UN ÉTÉ 2007 VUES CONTEMPORAINES Un regard porté sur le cinéma contemporain, tout au long de l’été. Sous l’éclatant soleil ou dans les brumes, à l’abri du monde ou dans l’embrasure de son chantier même, dans les mots ou le silence ; à la recherche de soi, de l’autre, une ouverture sur le sensible, en divers points du monde. Dong de Jia Zhang Ke, Jours d’août de Marc Recha, Jour après jour de Jean-Daniel Pollet, Still Life de Jia Zhang Ke, Les Climats de Nuri Bilge Ceylan, Turning Gate de Hong Sang Soo, Le Papier ne peut pas envelopper la braise de Rithy Panh, Honor de cavalleria d’Albert Serra. MK2 HAUTEFEUILLE_à partir du 18 juillet_ en matinée Tarif: 5.60€ _Carte Le Pass acceptée.
DANS LES SALLES 3 JOURS, 3 EUROS MK2 et la Mairie de Paris, en concertation avec la Fédération Nationale des Cinémas Français (FNCF), renouvellent l’opération 3 jours, 3 euros qui permet à tous les spectateurs de bénéficier dans toutes les salles MK2 d’un tarif exceptionnel de 3 euros, à chaque séance, pendant 3 jours. Les 19, 20 et 21 aout 2007 dans toutes les salles MK2.

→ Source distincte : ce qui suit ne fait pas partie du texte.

(* Let $X$ be a compact metric space and $f\colon X\to X$ a homeomorphism. Then the set $\mathcal{M}_{idis}(f)$ of Borel probability measures on $X$ that are inner-distal with respect to $f$ is a closed, convex subset of $\mathcal{M}(X)$ satisfying $f_*(\mathcal{M}_{idis}(f))\subseteq\mathcal{M}_{idis}(f)$.
   Context: $\mathcal{M}(X)$ is the set of Borel probability measures on $X$ with the weak* topology ($\mu_n\to\mu$ iff $\int\varphi\,d\mu_n\to\int\varphi\,d\mu$ for all continuous $\varphi\colon X\to\mathbb{R}$). $f_*\mu(E)=\mu(f^{-1}(E))$. The proximal cell of $x$ is $\mathcal{P}(x)=\{y\colon \inf_{n\in\mathbb{Z}} d(f^n(x),f^n(y))=0\}$, and $\mu$ is inner-distal w.r.t. $f$ if $\mu(\operatorname{Int}\mathcal{P}(x))=0$ for all $x\in X$. *)

From HB Require Import structures.
From mathcomp Require Import all_boot all_order all_algebra.
From mathcomp Require Import all_classical all_reals all_analysis.
Set Implicit Arguments. Unset Strict Implicit. Unset Printing Implicit Defensive.
Import Order.TTheory GRing.Theory Num.Theory.
Import numFieldNormedType.Exports.
Local Open Scope classical_set_scope.
Local Open Scope ring_scope.

Notation borelT X := (g_sigma_algebraType (@open X)).

(* pointed metric spaces (measurable types in mathcomp-analysis are pointed) *)
#[short(type="pmetricType")]
HB.structure Definition PMetric (K : numDomainType) :=
  { M of Pointed M & Metric K M }.

Section Defs.
Context {R : realType} (X : pmetricType R).

(* integer iterates f^n of a homeomorphism f with inverse g *)
Definition iterz (f g : X -> X) (n : int) : X -> X :=
  match n with
  | Posz k => iter k f
  | Negz k => iter k.+1 g
  end.

Definition proximal_cell (f g : X -> X) (x : X) : set X :=
  [set y | inf [set mdist (iterz f g n x) (iterz f g n y) | n in [set: int]] = 0].

Definition inner_distal (f g : X -> X) (mu : probability (borelT X) R) : Prop :=
  forall x : X, mu (interior (proximal_cell f g x)) = 0%E.

Definition M_idis (f g : X -> X) : set (probability (borelT X) R) :=
  [set mu | inner_distal f g mu].

Definition pint (mu : probability (borelT X) R) (phi : X -> R) : R :=
  fine (\int[mu]_x (phi x)%:E).

(* closedness in the weak-* topology on M(X): every measure all of whose
   basic weak-* neighbourhoods { nu : |\int phi_i dnu - \int phi_i dmu| < e,
   i < n } meet S belongs to S *)
Definition weak_star_closed (S : set (probability (borelT X) R)) : Prop :=
  forall mu : probability (borelT X) R,
    (forall (n : nat) (phi : 'I_n -> X -> R) (e : R),
        (forall i, continuous (phi i)) -> 0 < e ->
        exists nu, S nu /\ forall i, `|pint nu (phi i) - pint mu (phi i)| < e) ->
    S mu.

Definition measure_convex (S : set (probability (borelT X) R)) : Prop :=
  forall (mu nu lam : probability (borelT X) R) (t : R),
    S mu -> S nu -> 0 <= t <= 1 ->
    (forall A : set (borelT X), measurable A ->
       lam A = (t%:E * mu A + (1 - t)%:E * nu A)%E) ->
    S lam.

Definition pushforward_stable (f : X -> X) (S : set (probability (borelT X) R)) : Prop :=
  forall (mu lam : probability (borelT X) R),
    S mu ->
    (forall A : set (borelT X), measurable A -> lam A = mu (f @^-1` A)) ->
    S lam.

End Defs.

From HB Require Import structures.
From mathcomp Require Import all_boot all_order all_algebra.
From mathcomp Require Import all_classical all_reals all_analysis.
From mathcomp Require Import measurable_realfun borel_hierarchy.
Import Order.TTheory GRing.Theory Num.Theory.
Import numFieldNormedType.Exports.
Local Open Scope classical_set_scope.
Local Open Scope ring_scope.

(* Inner distality of mu says that mu vanishes on each of the open sets
   Int P(x).  This condition is affine in mu, hence convex, and it passes to
   f_* mu because f^-1 (Int P(x)) is an open subset of P(g x) = f^-1 P(x), so
   of Int P(g x).  For closedness, write an open set U of the metric space X as
   a countable union of closed sets F; by Urysohn some continuous phi satisfies
   1_F <= phi <= 1_U, so mu F <= \int phi dmu, while \int phi dnu <= nu U = 0
   for the approximating measures nu. *)

Lemma preimage_interior_subset (T U : topologicalType) (f : T -> U) (A : set U) :
  continuous f -> f @^-1` A° `<=` (f @^-1` A)°.
Proof.
move=> fc; rewrite -open_subsetE; last exact: open_comp (open_interior A).
by move=> y /interior_subset.
Qed.

Section proximal_cell_shift.
Context {R : realType} {X : pmetricType R} {f g : X -> X}.
Hypotheses (fK : cancel f g) (gK : cancel g f).

Lemma iterz_comp_f (n : int) (y : X) : iterz f g n (f y) = iterz f g (n + 1) y.
Proof.
case: n => [k|[|k]].
- have -> : Posz k + 1 = Posz k.+1 by rewrite -addn1 PoszD.
  exact/esym/iterSr.
- by rewrite /= fK.
- have -> : Negz k.+1 + 1 = Negz k by rewrite !NegzE -addn1 PoszD opprD addrNK.
  by rewrite /= -iterS iterSr fK.
Qed.

Lemma preimage_proximal_cell (x : X) :
  f @^-1` proximal_cell f g x = proximal_cell f g (g x).
Proof.
apply/funext => y; rewrite /preimage /proximal_cell /=; congr (inf _ = 0).
rewrite -{1}(gK x); apply/seteqP; split => _ [n _ <-].
  by exists (n + 1) => //; rewrite !iterz_comp_f.
by exists (n - 1) => //; rewrite !iterz_comp_f subrK.
Qed.

End proximal_cell_shift.

Lemma borel_open_measurable {T : ptopologicalType} {U : set T} :
  open U -> measurable (U : set (borelT T)).
Proof. exact: sub_sigma_algebra. Qed.

Lemma borel_closed_measurable {T : ptopologicalType} {F : set T} :
  closed F -> measurable (F : set (borelT T)).
Proof.
move=> cF; rewrite -[F]setCK; apply: measurableC.
by apply: borel_open_measurable; exact: closed_openC.
Qed.

Lemma borel_continuous_measurable {R : realType} {T : ptopologicalType}
    {phi : T -> R} :
  continuous phi -> measurable_fun [set: borelT T] phi.
Proof.
move=> phic; apply: (measurability _ (RGenOInfty.measurableE R)) => //.
move=> _ [_ [r ->] <-]; rewrite setTI; apply: borel_open_measurable.
by apply: open_comp; [move=> ? _; exact: phic | exact: interval_open].
Qed.

Section M_idis_invariance.
Context {R : realType} (X : pmetricType R) (f g : X -> X).

Lemma measure_convex_M_idis : measure_convex (M_idis f g).
Proof.
move=> mu nu lam t mu0 nu0 _ lamE x.
rewrite lamE; last by apply: borel_open_measurable; exact: open_interior.
by rewrite mu0 nu0 !mule0 adde0.
Qed.

Lemma pushforward_stable_M_idis :
  continuous f -> cancel f g -> cancel g f -> pushforward_stable f (M_idis f g).
Proof.
move=> fc fK gK mu lam mu0 lamE x.
rewrite lamE; last by apply: borel_open_measurable; exact: open_interior.
apply/eqP; rewrite -measure_le0 -(mu0 (g x)).
apply: le_measure; rewrite ?inE.
- by apply: borel_open_measurable; exact: open_comp (open_interior _).
- by apply: borel_open_measurable; exact: open_interior.
- rewrite -(preimage_proximal_cell fK gK); exact: preimage_interior_subset.
Qed.

End M_idis_invariance.

Section integral_indic_bounds.
Local Open Scope ereal_scope.
Context {d} {T : measurableType d} {R : realType}.
Context (mu : {measure set T -> \bar R}) {phi : T -> R}.
Hypothesis mphi : measurable_fun [set: T] phi.

Lemma measure_le_integral {F : set T} :
  measurable F -> (forall x, \1_F x <= phi x)%R ->
  mu F <= \int[mu]_x (phi x)%:E.
Proof.
move=> mF Fphi; rewrite -(setIT F) -integral_indic //.
apply: ge0_le_integral => //.
- exact/measurable_EFinP/measurable_indic.
- exact/measurable_EFinP.
- by move=> x _; rewrite lee_fin.
Qed.

Lemma integral_le_measure {U : set T} :
  measurable U -> (forall x, 0 <= phi x <= \1_U x)%R ->
  \int[mu]_x (phi x)%:E <= mu U.
Proof.
move=> mU Uphi; rewrite -(setIT U) -integral_indic //.
apply: ge0_le_integral => //.
- by move=> x _; rewrite lee_fin; case/andP: (Uphi x).
- exact/measurable_EFinP.
- exact/measurable_EFinP/measurable_indic.
- by move=> x _; rewrite lee_fin; case/andP: (Uphi x).
Qed.

End integral_indic_bounds.

Lemma urysohn_indic {R : realType} {T : pseudoMetricType R} {F U : set T} :
  closed F -> open U -> F `<=` U ->
  exists phi : T -> R,
    [/\ continuous phi, forall x, \1_F x <= phi x & forall x, 0 <= phi x <= \1_U x].
Proof.
move=> cF oU FU; have sep : uniform_separator (~` U) F.
  apply: (normal_separatorP.1 pseudometric_normal) => //; first exact: open_closedC.
  by rewrite setIC; apply/disjoints_subset; rewrite setCK.
pose phi : T -> R := Urysohn (~` U) F.
have phi01 x : 0 <= phi x <= 1 by have /= := Urysohn_range (imageT phi x); rewrite in_itv.
exists phi; split => [|x|x]; first exact: Urysohn_continuous.
- have [Fx|nFx] := pselect (F x); last by rewrite indicE memNset //; case/andP: (phi01 x).
  by rewrite indicE mem_set // /phi (Urysohn_sub1 sep (imageP _ Fx)).
- have [Ux|nUx] := pselect (U x); first by rewrite indicE mem_set.
  by rewrite indicE memNset // /phi (Urysohn_sub0 sep (imageP _ (nUx : (~` U) x))) lexx.
Qed.

Section metric_Fsigma.
Context {R : realType} {T : metricType R}.

Lemma closed_mdist_ge (A : set T) (r : R) :
  closed [set w | forall a, A a -> r <= mdist w a].
Proof.
rewrite -[X in closed X]setCK; apply: open_closedC; rewrite openE => w /=.
move=> /existsNP[a /not_implyP[Aa /negP]]; rewrite -ltNge => war.
apply/nbhs_ballP; exists (r - mdist w a) => /=; first by rewrite subr_gt0.
move=> z; rewrite ballEmdist /= ltrBrDr => wz /(_ a Aa); apply/negP; rewrite -ltNge.
by apply: le_lt_trans (metric_triangle z w a) _; rewrite metric_sym.
Qed.

Lemma open_Fsigma {U : set T} : open U -> Fsigma U.
Proof.
move=> oU; exists (fun k => [set w | forall a, ~ U a -> k.+1%:R^-1 <= mdist w a]).
  by move=> k; exact: closed_mdist_ge.
apply/seteqP; split => [w Uw|w [k _ Fw]]; last first.
  by apply: contrapT => nUw; have := Fw w nUw; rewrite mdistxx leNgt invr_gt0 ltr0n.
have /nbhs_ballP[e /= e0 wU] : nbhs w U by exact: open_nbhs_nbhs.
have [k] := ltr_add_invr e0; rewrite add0r => ke.
exists k => // a; apply: contra_notP => /negP; rewrite -ltNge => wa.
by apply: wU; rewrite ballEmdist /=; exact: lt_trans ke.
Qed.

End metric_Fsigma.

Section null_under_weak_star_approximation.
Context {R : realType} {X : pmetricType R}.
Variables (mu : probability (borelT X) R) (U : set X).
Hypothesis oU : open U.
Hypothesis mu_approx : forall phi : X -> R, continuous phi -> forall e : R, 0 < e ->
  exists2 nu : probability (borelT X) R, nu U = 0%E & `|pint nu phi - pint mu phi| < e.

Let mU : measurable (U : set (borelT X)).
Proof. exact: borel_open_measurable. Qed.

Lemma closed_null_of_approx (F : set X) : closed F -> F `<=` U -> mu F = 0%E.
Proof.
move=> cF FU; have [phi [phic Fphi Uphi]] := urysohn_indic cF oU FU.
have mphi := borel_continuous_measurable phic.
have phi0 (P : probability (borelT X) R) : (0 <= \int[P]_x (phi x)%:E)%E.
  by apply: integral_ge0 => x _; rewrite lee_fin; case/andP: (Uphi x).
have int_fin : (\int[mu]_x (phi x)%:E)%E \is a fin_num.
  rewrite ge0_fin_numE //; apply: le_lt_trans (integral_le_measure mu mphi mU Uphi) _.
  exact: le_lt_trans (probability_le1 _ mU) (ltry _).
have pint_le0 : pint mu phi <= 0.
  apply/ler_addgt0Pr => e /(mu_approx _ phic)[nu nuU]; rewrite add0r.
  have -> : pint nu phi = 0.
    rewrite /pint (_ : (\int[nu]_x (phi x)%:E)%E = 0%E) //.
    apply/eqP; rewrite eq_le phi0 andbT -nuU; exact: integral_le_measure.
  by rewrite sub0r normrN => /ltW; apply: le_trans (ler_norm _).
apply/eqP; rewrite -measure_le0.
apply: le_trans (measure_le_integral mu mphi (borel_closed_measurable cF) Fphi) _.
by rewrite -(fineK int_fin) lee_fin.
Qed.

Lemma open_null_of_approx : mu U = 0%E.
Proof.
have [F cF UE] := open_Fsigma oU.
apply/(negligibleP mu mU); rewrite UE; apply: negligible_bigcup => k.
have mF : measurable (F k : set (borelT X)) := borel_closed_measurable (cF k).
apply/(negligibleP mu mF)/closed_null_of_approx => //.
by rewrite UE; exact: bigcup_sup.
Qed.

End null_under_weak_star_approximation.

Lemma weak_star_closed_M_idis {R : realType} {X : pmetricType R} (f g : X -> X) :
  weak_star_closed (M_idis f g).
Proof.
move=> mu mu_adh x; apply: open_null_of_approx; first exact: open_interior.
move=> phi phic e e0; have [nu [nuS nu_close]] := mu_adh 1%N (fun=> phi) e (fun=> phic) e0.
by exists nu; [exact: nuS | exact: nu_close ord0].
Qed.

Theorem lemma3p1 (R : realType) (X : pmetricType R) (f g : X -> X)
  (hX : compact [set: X])
  (hf : continuous f) (hg : continuous g)
  (hfg : cancel f g) (hgf : cancel g f) :
  [/\ weak_star_closed (M_idis f g),
      measure_convex (M_idis f g)
    & pushforward_stable f (M_idis f g)].
Proof.
split; first exact: weak_star_closed_M_idis.
- exact: measure_convex_M_idis.
- exact: pushforward_stable_M_idis.
Qed.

3ÈME RENCONTRE INTERNATIONALE DE COURTS MÉTRAGES HIP-HOP En partenariat avec l’association R.Style, le MK2 Quai de Seine accueille la 3ème rencontre internationale de courts métrages hip-hop : des réalisateurs de tous horizons donnent leur vision du mouvement hip-hop à travers l’œil d’une caméra. En parallèle, sur une scène extérieure, une programmation éclectique (danse, concerts, etc.) fait référence à l'univers du rap. Pour plus de renseignements : www.rstyle.fr. MK2 QUAI DE SEINE_Samedi 8 septembre_5,60 € à partir de 11h Carte Le Pass non acceptée.

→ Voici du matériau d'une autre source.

Lemma link_cost_app C D p : C <> [] -> D <> [] ->
  link_cost (C ++ D) =
  eadd (link_cost C) (eadd (dL (fst (hd p D)) (snd (last C p))) (link_cost D)).
Proof.
  intros HC HD. induction C as [|a [|b C] IH]; [congruence| |].
  - destruct D as [|c D]; [congruence|]. cbn [app link_cost last hd]. now rewrite eadd_0_l.
  - change ((a :: b :: C) ++ D) with (a :: (b :: C) ++ D).
    change (link_cost (a :: (b :: C) ++ D))
      with (eadd (dL (fst b) (snd a)) (link_cost ((b :: C) ++ D))).
    rewrite IH by discriminate. now rewrite eadd_assoc.
Qed.

Lemma link_cost_pairs x y a m :
  link_cost (pairs x y a (S m)) = lsum (map (fun i => dL (x (S i)) (y i)) (seq a m)).
Proof.
  revert a; induction m; intros a; simpl; auto.
  unfold pairs in IHm. rewrite <- IHm. reflexivity.
Qed.

Lemma esum_cost_pairs x y n :
  esum (fun i => dL (x i) (y i)) n = cost (pairs x y 0 (S n)).
Proof. rewrite esum_lsum. unfold cost, pairs. now rewrite map_map. Qed.

Lemma esum_cycle_cost_pairs x y n :
  esum (fun i => dL (cyc_next x n i) (y i)) n = cycle_cost (pairs x y 0 (S n)).
Proof.
  change (pairs x y 0 (S n)) with ((x 0%nat, y 0%nat) :: pairs x y 1 n).
  unfold cycle_cost.
  change ((x 0%nat, y 0%nat) :: pairs x y 1 n) with (pairs x y 0 (S n)).
  rewrite link_cost_pairs, last_pairs.
  destruct n as [|n]; simpl fst; simpl snd.
  - cbn [esum seq map lsum]. now rewrite eadd_0_l.
  - cbn [esum]. unfold cyc_next at 2. rewrite Nat.eqb_refl.
    rewrite (esum_ext _ (fun i => dL (x (S i)) (y i))), esum_lsum; auto.
    intros i Hi. unfold cyc_next. destruct (Nat.eqb_spec i (S n)); [lia|auto].
Qed.
Lemma wset_mfc_output_le_completion F :
  is_spanning_tree [set: T] F -> E \subset F -> wset d out <= 2%:R * wset d F.
Proof.
case/and3P=> eF cF _ EF.
have le_X : wset d (F :\: intra P F) <= wset d (F :\: E).
  exact (wset_subset d_ge0 (setDS F (Et_sub_intra EF))).
have F_split : wset d F = wset d E + wset d (F :\: E).
  by rewrite /wset (big_setID E) /= (setIidPr EF).
by have := wset_mfc_output_le eF cF; have := wset_ge0 d_ge0 (F :\: E); lra.
Qed.

Lemma wset_split_intra F : wset d F = wset d (intra P F) + wset d (F :\: intra P F).
Proof.
rewrite /wset (big_setID (intra P F)) /= (setIidPr _) //.
by apply/subsetP => e; rewrite inE => /andP [].
Qed.

Lemma connect_swap_intra F x y :
  connect (adj F) x y -> connect (adj ((F :\: intra P F) :|: E)) x y.
Proof.
apply: connect_sub x y => u v /andP [nuv uvF].
case: (eqVneq (pt u) (pt v)) => [puv | npuv].
  apply: connect_adjS (subset_trans (bigcup_sup _ (pt_mem u)) (subsetUr _ _)) _.
  by apply: connect_tr (pt_mem u) (mem_pt u) _; rewrite puv mem_pt.
by apply: connect1; rewrite /adj nuv in_setU in_setD (intra_set2 uvF) npuv uvF.
Qed.

Lemma wset_intra_mst_le F : is_mst [set: T] d F -> wset d (intra P F) <= wset d E.
Proof.
case/andP=> /and3P [/forall_inP eF /forall_inP cF _] /forallP Fmin.
set F' := (F :\: intra P F) :|: E.
have eF' : edges_in [set: T] F'.
  apply/forall_inP => e; rewrite in_setU => /orP [/setDP [eFe _] | ]; first exact: eF.
  by case/Et_edge=> x [y [nxy _ ->]]; rewrite cards2 nxy subsetT.
have cF' : connected_on [set: T] F'.
  apply/forall_inP => x _; apply/forall_inP => y _; apply: connect_swap_intra.
  by have /forall_inP := cF x (in_setT x); apply.
have [S SF' tS] := exists_spanning_tree_sub eF' cF'.
have FS : wset d F <= wset d S by have /implyP := Fmin S; apply.
have := le_trans FS (le_trans (wset_subset d_ge0 SF') (wset_setU d_ge0 _ _)).
by rewrite wset_split_intra; lra.
Qed.
Lemma I0_series_sq :
  Un_cv (fun N => 16 * PI ^ 4 / L ^ 3 *
           sumZ_partial (fun k => IZR k ^ 2 * (IZR k - IZR n) ^ 2
                                  * fhat_norm2 (D1 0%nat) (D2 0%nat) L k) N)
        (I0 D1 D2 L).
Proof.
  pose proof curve_length_pos as HL; pose proof curve_continuous1 as C1; pose proof curve_continuous2 as C2.
  rewrite I0_eq_centered; apply Un_cv_ext with (2 := parseval_twisted (2 * PI * IZR n / L)).
  intro N; rewrite sumZ_partial_sum_sym, <- sum_sym_scal, <- sum_sym_coef_norm2 by continuity_R.
  apply sum_sym_ext; intro z; rewrite coef_norm2_twisted, fhat_norm2_eq by auto.
  field; lra.
Qed.

(** [k^3 (k - n) = k^2 (k - n/2)^2 - (n/2)^2 k^2], and [L int (kappa - w/2)^2 - (w/2)^2 L^2 = I0]. *)
Lemma I0_series_cubic :
  Un_cv (fun N => 16 * PI ^ 4 / L ^ 3 *
           sumZ_partial (fun k => IZR k ^ 3 * (IZR k - IZR n)
                                  * fhat_norm2 (D1 0%nat) (D2 0%nat) L k) N)
        (I0 D1 D2 L).
Proof.
  pose proof curve_length_pos as HL; pose proof curve_continuous1 as C1; pose proof curve_continuous2 as C2.
  pose proof continuous_curvature as Hk.
  set (w := 2 * PI * IZR n / L).
  replace (I0 D1 D2 L)
    with (L * RInt (fun s => (curvature D1 D2 s - w / 2) ^ 2) 0 L + - (w / 2) ^ 2 * (L * L)).
  - apply Un_cv_ext with (2 := CV_plus _ _ _ _ (parseval_twisted (w / 2))
                                 (CV_mult _ _ _ _ (Un_cv_const (- (w / 2) ^ 2)) parseval_tangent)).
    intro N; rewrite sumZ_partial_sum_sym, <- sum_sym_scal, <- !sum_sym_coef_norm2 by continuity_R.
    rewrite <- sum_sym_scal, <- sum_sym_plus; apply sum_sym_ext; intro z.
    rewrite coef_norm2_twisted, coef_norm2_tangent, fhat_norm2_eq by auto.
    unfold w; field; lra.
  - rewrite I0_eq_centered; fold w.
    rewrite (RInt_extR (fun s => (curvature D1 D2 s - w / 2) ^ 2)
               (fun s => ((curvature D1 D2 s - w) ^ 2 + w * curvature D1 D2 s) - 3 / 4 * w ^ 2))
      by (intro; field).
    rewrite RInt_minusR, RInt_plusR, RInt_scalR, RInt_constR, RInt_curvature by continuity_R.
    unfold w; field; lra.
Qed.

EXPOSITION DE PHOTOGRAPHIES RÉPIT CYRILLE MAGALDI Depuis bientôt deux ans, Cyrille Magaldi photographie le MK2 Quai de Seine / Quai de Loire, ses salles, ses couloirs, ses silhouettes. En septembre, sur la coursive du Seine, il vous proposera une sélection de ses clichés. En les observant, on s’interroge sur ce moment particulier que représente la séance de cinéma pour le spectateur : « Pendant deux heures, plongé dans un univers de fiction, l’existence du spectateur, mais uniquement la sienne, est mise en pause, écrit le photographe. Par conséquent lorsqu’il ressort, ses ami(e)s ont vieilli de deux heures, le gâteau au chocolat repéré dans la vitrine du pâtissier est forcément moins frais, il fait peut-être nuit, le lait a peut-être débordé, les pâtes sont sans doutes trop cuites, les restaurants ne servent plus ou pas encore, le ticket de stationnement n’est plus valable… Deux heures, c’est long. Et il ne faut pas se mentir : après avoir marché sur le lune, renversé un dictateur, été initié à la sorcellerie, retrouvé le Graal, épousé Nicole Kidman, et fait trois fois le tour de cette planète et d’un tas d’autres, la réalité peut, éventuellement, avoir un goût amer. C’est ce qui fait la magie du lieu Cinéma : une frontière étroite entre fiction et réalité. N’oublions pas ses règles.» MK2 QUAI DE SEINE_du 3 au 30 septembre.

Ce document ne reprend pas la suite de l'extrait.